Will housing really be shored up with President Barack Obama's expected plan to aid homeowners coupled with his signature yesterday of the $787 billion economic stimulus bill?

One school of thought says it will. Here's how:

  • The stimulus package will increase tax credits for home buyers to $8,000. Walter Molony of the National Association of Realtors told me that this should result in 300,000 more home sales within a few months.
  • Fannie Mae and Freddie Mac will be able to handle loans for higher-priced homes, specifically up to about $750,000. Molony believes this will result in 150,000 more near-term home sales, especially in high-priced markets such as San Francisco where expensive homes in that range are quite common.
  • Previous measures by the Bush administration to lower interest rates on mortgages is expected to boost home sales by about 400,000.
  • Obama's announcement today to help homeowners facing foreclosure with a $75 billion rescue package will indirectly help home prices overall by stabilizing markets and reassuring lenders.
Molony believes the programs should boost home sales by about 850,000. That's not an insignificant sum. "Taken together, this could lead to price stabilization by the third quarter and perhaps price growth by the fourth quarter," Molony told me.

Is this too optimistic? I'm not sure. Molony says his organization will update its market forecast by March 3. And, there are certain to be naysayers who note that the problems in home buying are still enormous and that Barack's remedies don't go far enough.

Another issue is the morality of bailouts. Some commentators such as Arianna Huffington insist that if the federal government can bail out Bank of America and Citigroup for their financial errors, then everyday homeowners deserve some help. She's also worried that the Obama team of Treasury Secretary Timothy Geithner and economic adviser Larry Summers reeks too much of Wall Street cronyism similar to the Bush administration.

Conversely, one view has it that many homeowners got themselves into trouble by accepting loan terms they couldn't handle and speculating by trying to flip several properties at once. As a New Yorker piece notes, one Fort Myers real estate agent sums it up by saying "Greed and easy money, that was the germ."

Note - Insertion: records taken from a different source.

Lemma length_le_misses_bounded (L : language) p F :
  NoDup p -> (forall y, F <= y -> L y = false) -> length p <= F + misses L p.
Proof.
  intros Hp HF. unfold misses. rewrite <- (filter_length L p).
  enough (length (filter L p) <= F) by lia.
  rewrite <- (length_seq F 0). apply NoDup_incl_length; [now apply NoDup_filter|].
  intros y [_ Hy]%filter_In. apply in_seq.
  destruct (Nat.lt_ge_cases y F); [lia|]. rewrite HF in Hy; easy.
Qed.

Lemma noise_count_misses L x n : noise_count L x n = misses L (prefix x n).
Proof.
  unfold noise_count, misses, prefix. generalize (seq 0 n).
  induction l as [|t l IH]; simpl; auto. destruct (L (x t)); simpl; auto.
Qed.

Lemma length_prefix x n : length (prefix x n) = n.
Proof. unfold prefix. now rewrite length_map, length_seq. Qed.

Lemma NoDup_prefix x n : distinct_seq x -> NoDup (prefix x n).
Proof. intros Hx. apply Injective_map_NoDup; [exact Hx | apply seq_NoDup]. Qed.

Lemma rev_prefix_S x m : rev (prefix x (S m)) = x m :: rev (prefix x m).
Proof. unfold prefix. now rewrite seq_S, map_app, rev_app_distr. Qed.

Lemma noise_count_ultimately_small (L : language) x :
  Un_cv (noise_rate L x) 0 ->
  forall m, 1 <= m -> ultimately (fun n => m * noise_count L x n <= n).
Proof.
  intros Hcv m Hm.
  assert (Hm' : (0 < INR m)%R) by (apply lt_0_INR; lia).
  destruct (Hcv (/ INR m)%R (Rinv_0_lt_compat _ Hm')) as [N HN].
  exists (Nat.max N 1). intros n Hn.
  specialize (HN n ltac:(lia)). unfold R_dist, noise_rate in HN.
  rewrite Rminus_0_r in HN. apply Rabs_def2 in HN as [HN _].
  assert (Hn' : (0 < INR n)%R) by (apply lt_0_INR; lia).
  apply Rmult_lt_compat_r with (r := (INR n * INR m)%R) in HN; [|nra].
  replace (INR (noise_count L x n) / INR n * (INR n * INR m))%R
    with (INR (noise_count L x n) * INR m)%R in HN by (field; lra).
  replace (/ INR m * (INR n * INR m))%R with (INR n) in HN by (field; lra).
  rewrite <- mult_INR in HN. apply INR_lt in HN. lia.
Qed.

Definition inter (C : collection) (T : list nat) : language :=
  fun y => forallb (fun j => C j y) T.

Lemma inter_In C T j y : In j T -> inter C T y = true -> C j y = true.
Proof. intros Hj Hy. unfold inter in Hy. rewrite forallb_forall in Hy. auto. Qed.

Definition admissible (C : collection) (p : list nat) (T : list nat) (m : nat) : Prop :=
  misses (inter C T) p * (m + 1) <= m * length p /\ infinite_lang (inter C T).

Lemma admissible_S C p T m : admissible C p T m -> admissible C p T (S m).
Proof.
  intros [Hmiss Hinf]. split; [|exact Hinf].
  pose proof (misses_le_length (inter C T) p). nia.
Qed.

Fixpoint greedy (C : collection) (p : list nat) (k : nat) : list nat :=
  match k with
  | 0 => []
  | S k' =>
      let T := greedy C p k' in
      if excluded_middle_informative (admissible C p (k' :: T) k) then k' :: T else T
  end.
(* For every integer $n\ge 1$ there exists an equiangular set of at least $\frac{8}{1089}\,n(4n+33)$ lines in $\mathbb{R}^n$.
   Context: A set of lines in $\mathbb{R}^n$ spanned by unit vectors $v_1,\dots,v_r$ is equiangular if there is a constant $c$ such that $|\langle v_i,v_j\rangle|=c$ for all $1\le i<j\le r$. *)

(* Stdlib reals. Vectors of R^n are functions nat -> R, of which only
   coordinates 0..n-1 are meaningful. *)
From Stdlib Require Import Reals Lra Lia.
Open Scope R_scope.

Fixpoint inner (n : nat) (x y : nat -> R) : R :=
  match n with
  | O => 0
  | S m => inner m x y + x m * y m
  end.

Definition veq (n : nat) (x y : nat -> R) : Prop :=
  forall k, (k < n)%nat -> x k = y k.

Definition equiangular_lines (n r : nat) (v : nat -> nat -> R) : Prop :=
  (forall i, (i < r)%nat -> inner n (v i) (v i) = 1) /\
  (forall i j, (i < r)%nat -> (j < r)%nat -> i <> j ->
     ~ veq n (v i) (v j) /\ ~ veq n (v i) (fun k => - v j k)) /\
  (exists c : R, forall i j, (i < r)%nat -> (j < r)%nat -> i <> j ->
     Rabs (inner n (v i) (v j)) = c).

From Stdlib Require Import Reals Lra Lia.
From HB Require structures.
From mathcomp Require all_boot all_order all_algebra all_field Rstruct ring zify lra.
Open Scope R_scope.

(* If B_0, ..., B_(K-1) are mutually unbiased orthonormal bases of R^N
   (|<x, y>| = 1/sqrt N for x, y in different bases), then appending to each
   vector of B_b a suitable multiple of the b-th unit vector of R^K gives
   K N unit vectors of R^(N+K) with all mutual inner products of absolute
   value g/(1+g), g = 1/sqrt N: an equiangular set of K N lines.

   For N = 4^s such bases exist with K up to 2^(2s-1) + 1 (a Kerdock-type
   construction): over F = GF(2^(2s-1)) and V = F x F_2, the functions
   chi(Q_l(v) + <w, v>) / sqrt |V|, w in V, form an orthonormal basis for each
   quadratic form Q_l, l in F, and two such bases are unbiased because
   Q_l + Q_mu is a nondegenerate quadratic form (a Gauss sum computation);
   the standard basis is one more. *)

Definition mub_system (N K : nat) (B : nat -> nat -> nat -> R) : Prop :=
  (forall b j, (b < K)%nat -> (j < N)%nat -> inner N (B b j) (B b j) = 1) /\
  (forall b j j', (b < K)%nat -> (j < N)%nat -> (j' < N)%nat -> j <> j' ->
     inner N (B b j) (B b j') = 0) /\
  (forall b b' j j', (b < K)%nat -> (b' < K)%nat -> b <> b' ->
     (j < N)%nat -> (j' < N)%nat ->
     inner N (B b j) (B b' j') * inner N (B b j) (B b' j') = / INR N).

Module KerdockMUB.
Import HB.structures.
Import all_boot all_order all_algebra all_field Rstruct ring zify lra.
Set Implicit Arguments. Unset Strict Implicit. Unset Printing Implicit Defensive.
Import GRing.Theory Num.Theory.
Local Open Scope ring_scope.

There are worried that Obama's bailout to homeowners facing foreclosure will be too expensive and troubled mortgage holders will walk away from bad deals anyway. A study by the Federal Reserve of the Boston market downturn in the late 1980s and early 1990s suggests that won't be the case. The walk away rate was actually quite small.
If this is the case now and Molony's predictions are right, maybe there's hope sooner than we thought.